Вошел Никита — я узнал его по голосу, прозвучавшему в тишине резко и возбужденно:
— Страдающий дома, тетя Таня?
После того как Тоня вышла замуж и переехала к Караванову, в квартире у нас стало как-то тихо и скучновато, мать как будто съежилась вся, потерянно бродила по комнатам или сидела на крылечке, безмолвно глядя в сторону ворот; она всегда была рада Никите, который опять зачастил к нам.
— Дома, дома, — ответила она оживленно. — Лежит на диване. Поди-ка, подыми его, взбодри…
— Сейчас подымем, — отозвался Никита тоном доктора, пришедшего к больному. — Все валяешься? Погружен в мировую скорбь? Она, кажется, не в моде у нас.
В светлой рубашке с расстегнутым воротом и засученными по локоть рукавами, он был безмятежен и ироничен, глаза смеялись; от него веяло молодой непреклонной силой и уверенностью… Не есть ли это признак души примитивной, нетонкой? А, чепуха какая! Вот что значит настроение, омраченное тяжелыми думами… Но улыбнулся я ему невесело, принужденно.
После «Партизанских ночей» я ожидал, что меня, как часто бывает в кино после первой картины, начнут нарасхват приглашать сниматься. Но в «обойму везучих», счастливцев — так я думал, — вроде Николая Крючкова, Бориса Андреева или Петра Алейникова, я не попал… Съемочная пора была в полном разгаре, многие из нашей школы уехали в экспедиции, Леонтий Широков получил две роли сразу, а меня даже на пробу никто не вызвал. Неужели Кочевой действительно прав, Вася Грачик у меня не получился, и людям, сведущим в кино, это ясно? Мне было о чем поразмыслить…
— Ну, что у тебя? Давай выкладывай, — попросил Никита и, выслушав мои сбивчивые рассуждения о «безвестном будущем», о «тупике», в который я зашел, грубовато оборвал меня. — Хватит!

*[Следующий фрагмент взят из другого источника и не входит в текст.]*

Lemma dominated_base_graph : dominated_graph base_graph.
Proof.
have iotaB y z : iota (y - z) = iota y - iota z.
  by rewrite addrC -scaleN1r iota_lin scaleN1r addrC.
split.
- move=> x a b [y _ [<- <-]] [z _ [E <-]].
  have := fc (y - z); have := fc (z - y).
  by rewrite !iotaB !(linear_functionalB _ _ lf) E subrr normr0 mulr0; lra.
- move=> t _ _ _ _ [y _ [<- <-]] [z _ [<- <-]].
  by exists (t *: y + z) => //; rewrite iota_lin lf.
- by move=> x a [y _ [<- <-]].
- by [].
Qed.

Section Extension.
Variables (G : set (V * R)) (dG : dominated_graph G).

Lemma dominated_graph0 : G (0, 0).
Proof.
case: dG => [_ L _ B]; have h : G (iota 0, f 0) by apply: B; exists 0.
by have := L (-1) _ _ _ _ h h; rewrite scaleN1r mulN1r !addNr.
Qed.

Lemma dominated_graphZ t x a : G (x, a) -> G (t *: x, t * a).
Proof.
by case: dG => [_ L _ _] h; have := L t _ _ _ _ h dominated_graph0; rewrite !addr0.
Qed.

Lemma dominated_graphD x y a b : G (x, a) -> G (y, b) -> G (x + y, a + b).
Proof.
by case: dG => [_ L _ _] h1 h2; have := L 1 _ _ _ _ h1 h2; rewrite scale1r mul1r.
Qed.

Lemma dominated_graph_gap x0 : exists ce,
  (forall y b, G (y, b) -> b - c * `|y - x0| <= ce) /\
  (forall z d, G (z, d) -> ce <= c * `|z + x0| - d).
Proof.
case: (dG) => [_ _ Dm _].
pose S := [set p.2 - c * `|p.1 - x0| | p in G].
have key z d y b : G (z, d) -> G (y, b) -> b - c * `|y - x0| <= c * `|z + x0| - d.
  move=> hz hy; have := Dm _ _ (dominated_graphD hy hz).
  have : `|y + z| <= `|y - x0| + `|z + x0|.
    by rewrite (_ : y + z = (y - x0) + (z + x0)) ?ler_normD // addrACA addNr addr0.
  by move=> /(ler_wpM2l c0); rewrite mulrDr; lra.
have S_ub : ubound S (c * `|0 + x0| - 0).
  by move=> _ [[y b] hy <-]; exact: key dominated_graph0 hy.
exists (sup S); split.
- by move=> y b hy; apply: (ub_le_sup (ex_intro _ _ S_ub)); exists (y, b).
- move=> z d hz; apply: ge_sup => [|_ [[y b] hy <-]]; last exact: key hz hy.
  by exists (0 - c * `|0 - x0|), (0, 0); first exact: dominated_graph0.
Qed.

Section Adjoin.
Variables (x0 : V) (ce : R).
Hypotheses (x0_new : ~ exists a, G (x0, a))
  (ce_lb : forall y b, G (y, b) -> b - c * `|y - x0| <= ce)
  (ce_ub : forall z d, G (z, d) -> ce <= c * `|z + x0| - d).

Definition graph_adjoin : set (V * R) :=
  [set q | exists x a t, G (x, a) /\ q = (x + t *: x0, a + t * ce)].

Let scale_normD (s : R) x v : 0 < s -> s * `|s^-1 *: x + v| = `|x + s *: v|.
Proof.
move=> s0; rewrite -[s in s * _]gtr0_norm // -normrZ scalerDr scalerA.
by rewrite mulfV ?gt_eqF ?scale1r.
Qed.

Lemma graph_adjoin_dominated t x a : G (x, a) -> a + t * ce <= c * `|x + t *: x0|.
Proof.
case: (dG) => [_ _ Dm _] hx.
have [t0|t_neg|<-] := ltgtP 0 t; last by rewrite scale0r mul0r !addr0; exact: Dm.
- have := ler_wpM2l (ltW t0) (ce_ub (dominated_graphZ t^-1 hx)).
  rewrite mulrBr mulrCA scale_normD // mulrA mulfV ?gt_eqF // mul1r; lra.
- have s0 : 0 < - t by rewrite oppr_gt0.
  have := ler_wpM2l (ltW s0) (ce_lb (dominated_graphZ (- t)^-1 hx)).
  rewrite mulrBr mulrA mulfV ?gt_eqF // mul1r mulrCA scale_normD //.
  rewrite scaleNr scalerN opprK; lra.
Qed.

Lemma graph_adjoin_functional v a1 a2 :
  graph_adjoin (v, a1) -> graph_adjoin (v, a2) -> a1 = a2.
Proof.
case: (dG) => [Fn _ _ _].
move=> [x [a [t [hx [-> ->]]]]] [x' [a' [t' [hx' [E ->]]]]].
have [tt'|tt'] := eqVneq t t'.
  by move: E hx'; rewrite tt' => /addIr <- /(Fn _ _ _ hx) ->.
exfalso; apply: x0_new; exists ((t - t')^-1 * (a' - a)).
have Ex : x' - x = (t - t') *: x0.
  rewrite -[x'](addrK (t' *: x0)) -E scalerBl.
  by rewrite addrAC [x + _ - x]addrAC subrr add0r.
have -> : x0 = (t - t')^-1 *: (x' - x).
  by rewrite Ex scalerA mulVf ?subr_eq0 ?scale1r.
apply: dominated_graphZ.
by have := dominated_graphD hx' (dominated_graphZ (-1) hx); rewrite scaleN1r mulN1r.
Qed.

Lemma dominated_graph_adjoin : dominated_graph graph_adjoin.
Proof.
case: (dG) => [_ L _ B]; split.
- exact: graph_adjoin_functional.
- move=> s v w a1 b1 [x [a [t [hx [-> ->]]]]] [y [b [u [hy [-> ->]]]]].
  exists (s *: x + y), (s * a + b), (s * t + u); split; first exact: L.
  by congr pair; [rewrite scalerDr scalerA scalerDl addrACA | ring].
- by move=> v b [x [a [t [hx [-> ->]]]]]; exact: graph_adjoin_dominated.
- move=> [v b] /B hp; exists v, b, 0.
  by rewrite scale0r mul0r !addr0.
Qed.

End Adjoin.

Lemma dominated_graph_extend x0 : ~ (exists a, G (x0, a)) ->
  exists2 G1, dominated_graph G1 & G `<=` G1 /\ exists a, G1 (x0, a).
Proof.
move=> x0_new; have [ce [ce_lb ce_ub]] := dominated_graph_gap x0.
exists (graph_adjoin x0 ce); first exact: dominated_graph_adjoin.
split; first by move=> [x a] hx; exists x, a, 0; rewrite scale0r mul0r !addr0.
exists ce, 0, 0, 1; split; first exact: dominated_graph0.
by rewrite scale1r mul1r !add0r.
Qed.

End Extension.

(* Adjoining [base_graph] gives the empty chain an upper bound too. *)
Lemma dominated_graph_bigcup (F : set (set (V * R))) :
  F `<=` [set G | dominated_graph (base_graph `|` G)] -> total_on F subset ->
  dominated_graph (base_graph `|` \bigcup_(G in F) G).
Proof.
move=> dF totF; set U := _ `|` _.
have common p q : U p -> U q ->
    exists2 H, dominated_graph H & [/\ H `<=` U, H p & H q].
  have subU G : F G -> base_graph `|` G `<=` U.
    by move=> FG z [bz|Gz]; [left | right; exists G].
  move=> [bp|[G FG Gp]] [bq|[H FH Hq]].
  - by exists base_graph; [exact: dominated_base_graph | split => // z bz; left].
  - by exists (base_graph `|` H); [exact: dF | split; [exact: subU | left | right]].
  - by exists (base_graph `|` G); [exact: dF | split; [exact: subU | right | left]].
  - have [GH|HG] := totF _ _ FG FH.
    + exists (base_graph `|` H); first exact: dF.
      by split; [exact: subU | right; exact: GH | right].
    + exists (base_graph `|` G); first exact: dF.
      by split; [exact: subU | right | right; exact: HG].
split.
- move=> x a b ha hb; have [H [Fn _ _ _] [_ h1 h2]] := common _ _ ha hb.
  exact: Fn h1 h2.
- move=> t x y a b ha hb; have [H [_ L _ _] [sH h1 h2]] := common _ _ ha hb.
  exact/sH/L.
- move=> x a ha; have [H [_ _ Dm _] [_ h _]] := common _ _ ha ha; exact: Dm h.
- by move=> p bp; left.
Qed.

Theorem hahn_banach : exists g : V -> R,
  [/\ linear_functional g, forall y, g (iota y) = f y
     & forall x, `|g x| <= c * `|x|].
Proof.
have [A [dA maxA]] := Zorn_bigcup dominated_graph_bigcup.
set M := base_graph `|` A in dA.
have tot x : exists a, M (x, a).
  apply: contrapT => x_new.
  have [G1 dG1 [MG1 [a G1x]]] := dominated_graph_extend dA x_new.
  have bG1 : base_graph `<=` G1 by case: dG1.
  apply: (maxA G1); last by rewrite /= (setUidr bG1).
  split; first by move=> p Ap; apply/MG1; right.
  by move=> G1A; apply: x_new; exists a; right; exact: G1A.
pose g x := projT1 (cid (tot x)).
have gP x : M (x, g x) by rewrite /g; case: cid.
case: (dA) => [Fn L Dm B].
exists g; split.
- by move=> a x y; apply: Fn (gP _) (L _ _ _ _ _ (gP x) (gP y)).
- by move=> y; apply: Fn (gP _) (B _ _); exists y.
- move=> x; have := Dm _ _ (gP x).
  have := Dm _ _ (dominated_graphZ dA (-1) (gP x)).
  by rewrite scaleN1r mulN1r normrN ler_norml => ? ?; apply/andP; split; lra.
Qed.

End HahnBanach.

Lemma lte_fin_between {R : realType} (a : \bar R) (x : R) :
  (a < x%:E)%E -> exists2 m : R, (a < m%:E)%E & m < x.
Proof.
case: a => [a||] // ax; last by exists (x - 1); [exact: ltNyr | lra].
by exists ((a + x) / 2); rewrite ?lte_fin in ax *; lra.
Qed.

Section WeakStar.
Context {R : realType} {V : normedModType R}.
Implicit Types (U : set (V -> R)) (x : V).

Lemma wstar_openT : wstar_open (@setT (V -> R)).
Proof. by move=> f _; exists [::], 1. Qed.

Lemma wstar_openI U1 U2 : wstar_open U1 -> wstar_open U2 -> wstar_open (U1 `&` U2).
Proof.
move=> o1 o2 f [/o1 [xs1 [r1 [r1_gt0 H1]]] /o2 [xs2 [r2 [r2_gt0 H2]]]].
exists (xs1 ++ xs2), (Order.min r1 r2); split; first by rewrite lt_min r1_gt0.
move=> g dg near_g; split; [apply: H1 | apply: H2] => // x xs_x;
  by move: (near_g x); rewrite mem_cat xs_x ?orbT lt_min => /(_ isT) /andP [].
Qed.

Lemma wstar_open_eval (O : set R) x : open O -> wstar_open [set h | O (h x)].
Proof.
move=> oO f /= Ofx.
have /nbhs_ballP [e /= e_gt0 eO] := open_nbhs_nbhs (conj oO Ofx).
exists [:: x], e; split => // g _ /(_ x (mem_head _ _)) gx.
by apply: eO; rewrite -ball_normE /= distrC.
Qed.

Lemma wstar_open_near x (c r : R) : wstar_open [set h | `|h x - c| < r].
Proof.
rewrite (_ : [set h | _] = [set h | ball c r (h x)]).
  exact/wstar_open_eval/ball_open.
by apply/seteqP; split => h; rewrite /= -ball_normE /= distrC.
Qed.

Lemma wstar_open_norm_gt x (m : R) : wstar_open [set h | m < `|h x|].
Proof.
apply: (@wstar_open_eval (Num.norm @^-1` [set t | m < t])).
by apply: open_comp => [t _|]; [exact: norm_continuous | exact: open_gt].
Qed.

Lemma wstar_open_all (I : eqType) (U : I -> set (V -> R)) (s : seq I) :
  (forall i, wstar_open (U i)) -> wstar_open [set h | forall i, i \in s -> U i h].
Proof.
move=> oU; elim: s => [|i s IH].
  by rewrite (_ : [set h | _] = setT); [exact: wstar_openT | apply/seteqP].
rewrite (_ : [set h | _] = U i `&` [set h | forall j, j \in s -> U j h]).
  exact: wstar_openI.
apply/seteqP; split => h /=.
  by move=> Uh; split => [|j js]; apply: Uh; rewrite in_cons ?eqxx ?js ?orbT.
by move=> [Uih Uh] j; rewrite in_cons => /orP [/eqP -> //|]; exact: Uh.
Qed.

Lemma ddiam_ge (A : set (V -> R)) g h : A g -> A h ->
  ((dnorm (fun x => g x - h x))%:E <= ddiam A)%E.
Proof. by move=> Ag Ah; apply: ereal_sup_ubound; exists g, h. Qed.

Я все понял. — Он в сокрушении развел руками. — Ваш брат — артисты, музыканты, поэты — удивительный народ!.. Я говорю про молодежь. Не успел опериться еще, не изучил азов, за партой сидит, еще ничего путного не сделал, а уж претендует на мировую известность, мечтает о богатстве, славы требует. Избаловали вас разными словами об исключительности, а вы и поверили — уши распустили, носы позадирали… Вот ты, например… Кто ты такой? Пока только студент. Тебя сняли в большой роли, люди смотрят, хвалят, радуются. А ты захотел своей особой заполнить сразу все экраны. Многого захотел. Рановато. И вообще не смей жаловаться! Противно. — Он рассердился и шумно стукнул ладонью по столу, чайная ложка, подпрыгнув, со звоном упала на пол. Никита поднял ее, улыбнулся: — Женщина придет… Одевайся скорее.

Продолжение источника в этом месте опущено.